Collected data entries

= = = = = = =

(* Suppose that $G \leq \mathrm{Homeo}^+(\mathbb{R})$ acts on $\mathbb{R}$ with no fixed points, and that $G^0 \neq 1$. Then the transitivity degree of $G$ is at most $2$.
   Context: $\mathrm{Homeo}^+(\mathbb{R})$ is the group of orientation-preserving homeomorphisms of $\mathbb{R}$, and $G^0$ is the subgroup of compactly supported elements of $G$. The transitivity degree of a group is the supremum of all $k$ such that it admits a faithful action on a set that is transitive on ordered $k$-tuples of distinct elements. *)

From Stdlib Require Import Reals.
Open Scope R_scope.

Definition homeo_plus (f : R -> R) : Prop :=
  continuity f /\
  (forall x y, x < y -> f x < f y) /\
  exists g : R -> R, continuity g /\
    (forall x, g (f x) = x) /\ (forall y, f (g y) = y).

Definition subgroup_homeo_plus (G : (R -> R) -> Prop) : Prop :=
  (forall f, G f -> homeo_plus f) /\
  G (fun x => x) /\
  (forall f g, G f -> G g -> G (fun x => f (g x))) /\
  (forall f, G f -> exists g, G g /\
      (forall x, g (f x) = x) /\ (forall y, f (g y) = y)).

Definition no_global_fixed_point (G : (R -> R) -> Prop) : Prop :=
  forall x : R, exists g, G g /\ g x <> x.

(* g has compact support: its support (closure of {x | g x <> x}) is
   compact, i.e. bounded. *)
Definition compactly_supported (g : R -> R) : Prop :=
  exists a b : R, forall x, (x < a \/ b < x) -> g x = x.

(* G^0 <> 1: G contains a nontrivial compactly supported element. *)
Definition G0_nontrivial (G : (R -> R) -> Prop) : Prop :=
  exists g, G g /\ compactly_supported g /\ exists x, g x <> x.

Definition is_group_action (G : (R -> R) -> Prop) (X : Type)
  (act : (R -> R) -> X -> X) : Prop :=
  (forall x, act (fun t => t) x = x) /\
  (forall f g, G f -> G g -> forall x, act (fun t => f (g t)) x = act f (act g x)).

Definition faithful_action (G : (R -> R) -> Prop) (X : Type)
  (act : (R -> R) -> X -> X) : Prop :=
  forall g, G g -> (forall x, act g x = x) -> forall t, g t = t.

= = = = = = =

Assigned task: Each line above must be reproduced exactly as it stands.

Reply to the task:
(* Suppose that $G \leq \mathrm{Homeo}^+(\mathbb{R})$ acts on $\mathbb{R}$ with no fixed points, and that $G^0 \neq 1$. Then the transitivity degree of $G$ is at most $2$.
   Context: $\mathrm{Homeo}^+(\mathbb{R})$ is the group of orientation-preserving homeomorphisms of $\mathbb{R}$, and $G^0$ is the subgroup of compactly supported elements of $G$. The transitivity degree of a group is the supremum of all $k$ such that it admits a faithful action on a set that is transitive on ordered $k$-tuples of distinct elements. *)

From Stdlib Require Import Reals.
Open Scope R_scope.

Definition homeo_plus (f : R -> R) : Prop :=
  continuity f /\
  (forall x y, x < y -> f x < f y) /\
  exists g : R -> R, continuity g /\
    (forall x, g (f x) = x) /\ (forall y, f (g y) = y).

Definition subgroup_homeo_plus (G : (R -> R) -> Prop) : Prop :=
  (forall f, G f -> homeo_plus f) /\
  G (fun x => x) /\
  (forall f g, G f -> G g -> G (fun x => f (g x))) /\
  (forall f, G f -> exists g, G g /\
      (forall x, g (f x) = x) /\ (forall y, f (g y) = y)).

Definition no_global_fixed_point (G : (R -> R) -> Prop) : Prop :=
  forall x : R, exists g, G g /\ g x <> x.

(* g has compact support: its support (closure of {x | g x <> x}) is
   compact, i.e. bounded. *)
Definition compactly_supported (g : R -> R) : Prop :=
  exists a b : R, forall x, (x < a \/ b < x) -> g x = x.

(* G^0 <> 1: G contains a nontrivial compactly supported element. *)
Definition G0_nontrivial (G : (R -> R) -> Prop) : Prop :=
  exists g, G g /\ compactly_supported g /\ exists x, g x <> x.

Definition is_group_action (G : (R -> R) -> Prop) (X : Type)
  (act : (R -> R) -> X -> X) : Prop :=
  (forall x, act (fun t => t) x = x) /\
  (forall f g, G f -> G g -> forall x, act (fun t => f (g t)) x = act f (act g x)).

Definition faithful_action (G : (R -> R) -> Prop) (X : Type)
  (act : (R -> R) -> X -> X) : Prop :=
  forall g, G g -> (forall x, act g x = x) -> forall t, g t = t.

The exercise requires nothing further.